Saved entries
____________

(* Let $G$ be a graph of goods, $n\ge1$, $t\ge 1$ integers, and $c>0$ a real number. Suppose that for every regular collection of $n$ agents (respectively, for every regular collection of $n$ agents of at most $t$ types) with utility functions on $G$ there exists a $c$-sufficient allocation. Then for every collection of $n$ agents with arbitrary utility functions on $G$ (respectively, every collection of $n$ agents of at most $t$ types) there exists a $c$-sufficient allocation.
   Context: A graph of goods is a finite connected graph $G=(V,E)$ whose vertices are goods. A utility function on $G$ assigns a non-negative real number to each good and is extended additively to sets. A $G$-bundle is a subset of $V$ inducing a connected subgraph of $G$ (the empty set allowed). An $n$-split of $G$ is a sequence of $n$ pairwise disjoint $G$-bundles (possibly empty) whose union is $V$. $\mathrm{mms}^{(n)}(G,u)=\max_{P_1,\dots,P_n}\min_i u(P_i)$ over all $n$-splits. An allocation to agents $1,\dots,n$ with utilities $u_1,\dots,u_n$ is an $n$-split $P_1,\dots,P_n$ with $P_i$ given to agent $i$. For $c>0$, the allocation is $c$-sufficient if $u_i(P_i)\ge c\cdot\mathrm{mms}^{(n)}(G,u_i)$ for all $i$. Agents are of the same type if they have the same utility function. An agent with utility $u$ is $n$-proportional if $\mathrm{mms}^{(n)}(G,u)=u(V)/n$, and $n$-regular if moreover $\mathrm{mms}^{(n)}(G,u)=1$. A collection of $n$ agents is regular if every agent in it is $n$-regular. *)

From HB Require Import structures.
From mathcomp Require Import all_boot all_order all_algebra.
Set Implicit Arguments. Unset Strict Implicit. Unset Printing Implicit Defensive.
Import Order.TTheory GRing.Theory Num.Theory.
Local Open Scope ring_scope.

Definition graph_of_goods (T : finType) (e : rel T) : Prop :=
  symmetric e /\ irreflexive e /\ (forall x y : T, connect e x y).

Definition induced (T : finType) (e : rel T) (S : {set T}) : rel T :=
  [rel x y | [&& x \in S, y \in S & e x y]].

(* G-bundle: S induces a connected subgraph (empty set allowed). *)
Definition bundle (T : finType) (e : rel T) (S : {set T}) : bool :=
  [forall x in S, forall y in S, connect (induced e S) x y].

Definition is_split (T : finType) (e : rel T) (n : nat)
    (P : {ffun 'I_n -> {set T}}) : bool :=
  [&& [forall i, bundle e (P i)],
      [forall i, forall j, (i != j) ==> [disjoint P i & P j]] &
      (\bigcup_(i < n) P i == [set: T])].

Definition util (R : realFieldType) (T : finType) (u : T -> R) (S : {set T}) : R :=
  \sum_(x in S) u x.

Definition utility (R : realFieldType) (T : finType) (u : T -> R) : Prop :=
  forall x, 0 <= u x.

(* min_i u(P_i); for n >= 1 the default u(V) is harmless since u(P_i) <= u(V)
   for nonnegative u. *)
Definition min_share (R : realFieldType) (T : finType) (n : nat) (u : T -> R)
    (P : {ffun 'I_n -> {set T}}) : R :=
  \big[Num.min/util u [set: T]]_(i < n) util u (P i).

(* mms^{(n)}(G,u) = max over n-splits of min_i u(P_i); the default 0 is harmless
   for nonnegative u since n-splits exist. *)
Definition mms (R : realFieldType) (T : finType) (e : rel T) (n : nat) (u : T -> R) : R :=
  \big[Num.max/0]_(P : {ffun 'I_n -> {set T}} | is_split e P) min_share u P.

Definition c_sufficient (R : realFieldType) (T : finType) (e : rel T) (n : nat)
    (c : R) (U : 'I_n -> T -> R) (P : {ffun 'I_n -> {set T}}) : Prop :=
  is_split e P /\ forall i, c * mms e n (U i) <= util (U i) (P i).

Definition n_proportional (R : realFieldType) (T : finType) (e : rel T) (n : nat)
    (u : T -> R) : Prop :=
  mms e n u = util u [set: T] / n%:R.

Definition n_regular (R : realFieldType) (T : finType) (e : rel T) (n : nat)
    (u : T -> R) : Prop :=
  n_proportional e n u /\ mms e n u = 1.

Definition regular_collection (R : realFieldType) (T : finType) (e : rel T) (n : nat)
    (U : 'I_n -> T -> R) : Prop :=
  forall i, n_regular e n (U i).

Definition at_most_types (R : realFieldType) (T : finType) (n t : nat)
    (U : 'I_n -> T -> R) : Prop :=
  exists (w : 'I_t -> T -> R) (f : 'I_n -> 'I_t), forall i x, U i x = w (f i) x.

From HB Require Import structures.
From mathcomp Require Import all_boot all_order all_algebra.
From Stdlib Require Import FunctionalExtensionality.
Set Implicit Arguments. Unset Strict Implicit. Unset Printing Implicit Defensive.
Import Order.TTheory GRing.Theory Num.Theory.
Local Open Scope ring_scope.

(* Fix an agent with utility u and mms(u) > 0, and an n-split Q attaining
   mms(u).  Rescaling u separately on every part, v(x) = u(x) / u(Q_i) for
   x in Q_i, gives v(Q_i) = 1 for every i, hence v(V) = n; since the minimum
   share of any n-split is at most the average share, mms(v) = 1 and v is
   n-regular.  Moreover u(Q_i) >= mms(u) yields v(S) <= u(S) / mms(u), so a
   bundle worth c * mms(v) = c to v is worth at least c * mms(u) to u.
   Agents with mms(u) = 0 are satisfied by any bundle; they are replaced by
   the rescaling of some agent with positive mms, and if there is none any
   n-split works.  The replacement u |-> regularize u0 u acts on utility
   functions, so agents of equal type keep equal types. *)

Section Splits.
Variables (R : realFieldType) (T : finType) (e : rel T) (n : nat).
Implicit Types (u : T -> R) (P : {ffun 'I_n -> {set T}}).

Lemma util_ge0 u S : utility u -> 0 <= util u S.
Proof. by move=> u_ge0; apply: sumr_ge0 => x _. Qed.

Lemma min_share_le u P i : min_share u P <= util u (P i).
Proof. by rewrite /min_share (bigD1 i) //= ge_min lexx. Qed.

Lemma min_share_ge u P a :
  (forall i, a <= util u (P i)) -> a <= util u [set: T] -> a <= min_share u P.
Proof.
move=> a_le aT; rewrite /min_share; elim/big_ind: _ => // x y ax ay.
by rewrite le_min ax ay.
Qed.

Lemma le_mms u P : is_split e P -> min_share u P <= mms e n u.
Proof. by move=> splitP; rewrite /mms (bigD1 P) //= le_max lexx. Qed.

Lemma mms_attained u :
  0 < mms e n u -> exists P, is_split e P /\ min_share u P = mms e n u.
Proof.
pose attained m := m = 0 \/ exists P, is_split e P /\ min_share u P = m.
have : attained (mms e n u).
  apply: big_ind => [|x y|P splitP]; [by left | | by right; exists P].
  by rewrite maxEle; case: ifP.
by case=> [->|//]; rewrite ltxx.
Qed.

Lemma util_split u P : is_split e P -> util u [set: T] = \sum_i util u (P i).
Proof.
case/and3P=> _ /forallP disjP /eqP coverP.
rewrite /util -coverP partition_disjoint_bigcup // => i j neq_ij.
by move: (disjP i) => /forallP /(_ j) /implyP; apply.
Qed.

Lemma split_part_unique P i j x :
  is_split e P -> x \in P i -> x \in P j -> i = j.
Proof.
case/and3P=> _ /forallP disjP _ xi xj; apply/eqP; apply: contraT => neq_ij.
move: (disjP i) => /forallP /(_ j) /implyP /(_ neq_ij) /disjointFr /(_ xi).
by rewrite xj.
Qed.

Lemma mms_le_proportional u : utility u -> mms e n u *+ n <= util u [set: T].
Proof.
move=> u_ge0; rewrite /mms.
apply: (big_ind (fun m => m *+ n <= util u [set: T])) => [|x y xle yle|P splitP].
- by rewrite mul0rn util_ge0.
- by rewrite maxEle; case: ifP.
- have -> : min_share u P *+ n = \sum_(i < n) min_share u P.
    by rewrite sumr_const card_ord.
  by rewrite (util_split u splitP); apply: ler_sum => i _; apply: min_share_le.
Qed.

(* On a connected graph n-splits exist for n >= 1: give V to one agent. *)
Lemma trivial_split : graph_of_goods e -> (0 < n)%N ->
  exists P : {ffun 'I_n -> {set T}}, is_split e P.
Proof.
move=> [_ [_ connected]] n_gt0.
exists [ffun i : 'I_n => if val i == 0%N then [set: T] else set0].
apply/and3P; split.
- apply/forallP => i; rewrite ffunE; case: ifP => _; apply/forallP => x;
    apply/implyP => xP; apply/forallP => y; apply/implyP => yP;
    last by rewrite inE in xP.
  by rewrite (@eq_connect _ _ e) // => a b; rewrite /induced /= !inE.
- apply/forallP => i; apply/forallP => j; apply/implyP => neq_ij; rewrite !ffunE.
  case: ifP => i0; case: ifP => j0;
    rewrite ?disjoints_subset ?setC0 ?sub0set ?subsetT //.
  by move: neq_ij; rewrite -val_eqE /= (eqP i0) (eqP j0).
- apply/eqP/setP => x; rewrite inE; apply/bigcupP; exists (Ordinal n_gt0) => //.
  by rewrite ffunE eqxx inE.
Qed.

Definition rescale u P (x : T) : R :=
  if [pick i | x \in P i] is Some i then u x / util u (P i) else 0.

Section Rescale.
Variables (u : T -> R) (P : {ffun 'I_n -> {set T}}) (m : R).
Hypotheses (u_ge0 : utility u) (splitP : is_split e P) (m_gt0 : 0 < m).
Hypothesis m_le_part : forall i, m <= util u (P i).

Let part_gt0 i : 0 < util u (P i).
Proof. exact: lt_le_trans m_gt0 (m_le_part i). Qed.

Let pick_part i x : x \in P i -> [pick j | x \in P j] = Some i.
Proof.
move=> xi; case: pickP => [j xj|/(_ i)]; last by rewrite xi.
by rewrite (split_part_unique splitP xj xi).
Qed.

Lemma rescale_ge0 : utility (rescale u P).
Proof.
move=> x; rewrite /rescale; case: pickP => // i _.
by rewrite divr_ge0 ?u_ge0 ?util_ge0.
Qed.

Lemma util_rescale_part i : util (rescale u P) (P i) = 1.
Proof.
rewrite /util (eq_bigr (fun x => u x / util u (P i))); last first.
  by move=> x xi; rewrite /rescale (pick_part xi).
by rewrite -mulr_suml -/(util u (P i)) divff // gt_eqF ?part_gt0.
Qed.

Lemma util_rescale_total : util (rescale u P) [set: T] = n%:R.
Proof.
rewrite (util_split _ splitP) (eq_bigr (fun _ => 1)) ?sumr_const ?card_ord //.
by move=> i _; apply: util_rescale_part.
Qed.

(* Since m lower-bounds every part, rescaling shrinks values by at least m. *)
Lemma util_rescale_le S : util (rescale u P) S <= util u S / m.
Proof.
rewrite /util mulr_suml; apply: ler_sum => x _; rewrite /rescale.
case: pickP => [i _|_]; last by rewrite divr_ge0 ?u_ge0 ?ltW.
by rewrite ler_wpM2l ?u_ge0 // lef_pV2 ?posrE ?part_gt0.
Qed.

Lemma rescale_regular : (0 < n)%N -> n_regular e n (rescale u P).
Proof.
move=> n_gt0.
have mms1 : mms e n (rescale u P) = 1.
  apply/eqP; rewrite eq_le; apply/andP; split.
    have := mms_le_proportional rescale_ge0.
    by rewrite util_rescale_total -[n%:R]mulr1n lerMn2r eqn0Ngt n_gt0.
  apply: le_trans (le_mms _ splitP); apply: min_share_ge => [i|].
    by rewrite util_rescale_part.
  by rewrite util_rescale_total ler1n.
split => //; rewrite /n_proportional mms1 util_rescale_total divff //.
by rewrite pnatr_eq0 -lt0n.
Qed.

End Rescale.

Definition optimal_split u : option {ffun 'I_n -> {set T}} :=
  [pick P | is_split e P && (min_share u P == mms e n u)].

Definition normalize u : T -> R :=
  if optimal_split u is Some P then rescale u P else u.

Lemma normalize_spec u : (0 < n)%N -> utility u -> 0 < mms e n u ->
  [/\ utility (normalize u), n_regular e n (normalize u)
    & forall S, util (normalize u) S <= util u S / mms e n u].
Proof.
move=> n_gt0 u_ge0 mms_gt0; rewrite /normalize /optimal_split.
case: pickP => [Q /andP [splitQ /eqP optQ]|none]; last first.
  have [P [splitP optP]] := mms_attained mms_gt0.
  by move: (none P); rewrite splitP optP eqxx.
have m_le_part i : mms e n u <= util u (Q i) by rewrite -optQ min_share_le.
split; first exact: rescale_ge0.
  exact: rescale_regular u_ge0 splitQ mms_gt0 m_le_part n_gt0.
exact: util_rescale_le u_ge0 mms_gt0 m_le_part.
Qed.

End Splits.

Section Reduction.
Variables (R : realFieldType) (T : finType) (e : rel T) (n : nat) (c : R).
Hypotheses (goods : graph_of_goods e) (n_gt0 : (0 < n)%N) (c_gt0 : 0 < c).

Lemma null_mms_content (u : T -> R) S :
  utility u -> mms e n u <= 0 -> c * mms e n u <= util u S.
Proof.
by move=> u_ge0 mms_le0; rewrite (le_trans _ (util_ge0 S u_ge0)) ?pmulr_rle0.
Qed.

Definition regularize (u0 u : T -> R) : T -> R :=
  if 0 < mms e n u then normalize e n u else normalize e n u0.

Section Reference.
Variables (u0 : T -> R) (U : 'I_n -> T -> R).
Hypotheses (u0_ge0 : utility u0) (mms_u0_gt0 : 0 < mms e n u0).
Hypothesis U_ge0 : forall i, utility (U i).

Let regU i := regularize u0 (U i).

Lemma regularize_regular :
  (forall i, utility (regU i)) /\ regular_collection e regU.
Proof.
have [ref_ge0 ref_regular _] := normalize_spec n_gt0 u0_ge0 mms_u0_gt0.
suff spec i : utility (regU i) /\ n_regular e n (regU i).
  by split=> i; case: (spec i).
rewrite /regU /regularize; case: ifP => // mms_gt0.
by have [? ? _] := normalize_spec n_gt0 (U_ge0 i) mms_gt0.
Qed.

Lemma regularize_sufficient P :
  c_sufficient e c regU P -> c_sufficient e c U P.
Proof.
move=> [splitP suffP]; split=> // i.
have [mms_gt0|] := ltP 0 (mms e n (U i)); last exact: null_mms_content.
have [_ [_ mms1] le_div] := normalize_spec n_gt0 (U_ge0 i) mms_gt0.
move: (suffP i); rewrite /regU /regularize mms_gt0 mms1 mulr1 => c_le.
by rewrite -ler_pdivlMr //; apply: le_trans c_le (le_div _).
Qed.

Lemma regularize_types t : at_most_types t U -> at_most_types t regU.
Proof.
move=> [w [f Uw]]; exists (fun k => regularize u0 (w k)), f => i x.
by rewrite /regU (functional_extensionality _ _ (Uw i)).
Qed.

End Reference.

Lemma reduction (U : 'I_n -> T -> R) : (forall i, utility (U i)) ->
  (forall u0, utility u0 -> 0 < mms e n u0 ->
     exists P, c_sufficient e c (fun i => regularize u0 (U i)) P) ->
  exists P, c_sufficient e c U P.
Proof.
move=> U_ge0 regular_case.
case: (pickP (fun i => 0 < mms e n (U i))) => [i0 mms_gt0|all_null].
  have [P suffP] := regular_case _ (U_ge0 i0) mms_gt0.
  by exists P; apply: regularize_sufficient suffP.
have [P splitP] := trivial_split goods n_gt0; exists P; split=> // i.
by apply: null_mms_content => //; rewrite leNgt all_null.
Qed.

End Reduction.

Theorem proposition2p3 (R : realFieldType) (T : finType) (e : rel T)
    (n t : nat) (c : R) :
  graph_of_goods e -> (1 <= n)%N -> (1 <= t)%N -> 0 < c ->
  ((forall U : 'I_n -> T -> R, (forall i, utility (U i)) ->
      regular_collection e U -> exists P, c_sufficient e c U P) ->
   forall U : 'I_n -> T -> R, (forall i, utility (U i)) ->
      exists P, c_sufficient e c U P)
  /\
  ((forall U : 'I_n -> T -> R, (forall i, utility (U i)) ->
      regular_collection e U -> at_most_types t U ->
      exists P, c_sufficient e c U P) ->
   forall U : 'I_n -> T -> R, (forall i, utility (U i)) ->
      at_most_types t U -> exists P, c_sufficient e c U P).
Proof.
move=> goods n_gt0 _ c_gt0.
split=> [regular_case U U_ge0 | regular_case U U_ge0 typesU];
  apply: (reduction goods n_gt0 c_gt0 U_ge0) => u0 u0_ge0 mms_u0_gt0;
  have [regU_ge0 regU_regular] := regularize_regular n_gt0 u0_ge0 mms_u0_gt0 U_ge0.
- exact: regular_case.
- by apply: regular_case => //; apply: regularize_types.
Qed.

____________

- **Task objective**
Please print verbatim each line from the first line of the entries above to the line that contains "Definition graph_of_goods (T", inclusive, and nothing more.

- **Exercise solution**
(* Let $G$ be a graph of goods, $n\ge1$, $t\ge 1$ integers, and $c>0$ a real number. Suppose that for every regular collection of $n$ agents (respectively, for every regular collection of $n$ agents of at most $t$ types) with utility functions on $G$ there exists a $c$-sufficient allocation. Then for every collection of $n$ agents with arbitrary utility functions on $G$ (respectively, every collection of $n$ agents of at most $t$ types) there exists a $c$-sufficient allocation.
   Context: A graph of goods is a finite connected graph $G=(V,E)$ whose vertices are goods. A utility function on $G$ assigns a non-negative real number to each good and is extended additively to sets. A $G$-bundle is a subset of $V$ inducing a connected subgraph of $G$ (the empty set allowed). An $n$-split of $G$ is a sequence of $n$ pairwise disjoint $G$-bundles (possibly empty) whose union is $V$. $\mathrm{mms}^{(n)}(G,u)=\max_{P_1,\dots,P_n}\min_i u(P_i)$ over all $n$-splits. An allocation to agents $1,\dots,n$ with utilities $u_1,\dots,u_n$ is an $n$-split $P_1,\dots,P_n$ with $P_i$ given to agent $i$. For $c>0$, the allocation is $c$-sufficient if $u_i(P_i)\ge c\cdot\mathrm{mms}^{(n)}(G,u_i)$ for all $i$. Agents are of the same type if they have the same utility function. An agent with utility $u$ is $n$-proportional if $\mathrm{mms}^{(n)}(G,u)=u(V)/n$, and $n$-regular if moreover $\mathrm{mms}^{(n)}(G,u)=1$. A collection of $n$ agents is regular if every agent in it is $n$-regular. *)

From HB Require Import structures.
From mathcomp Require Import all_boot all_order all_algebra.
Set Implicit Arguments. Unset Strict Implicit. Unset Printing Implicit Defensive.
Import Order.TTheory GRing.Theory Num.Theory.
Local Open Scope ring_scope.

Definition graph_of_goods (T : finType) (e : rel T) : Prop :=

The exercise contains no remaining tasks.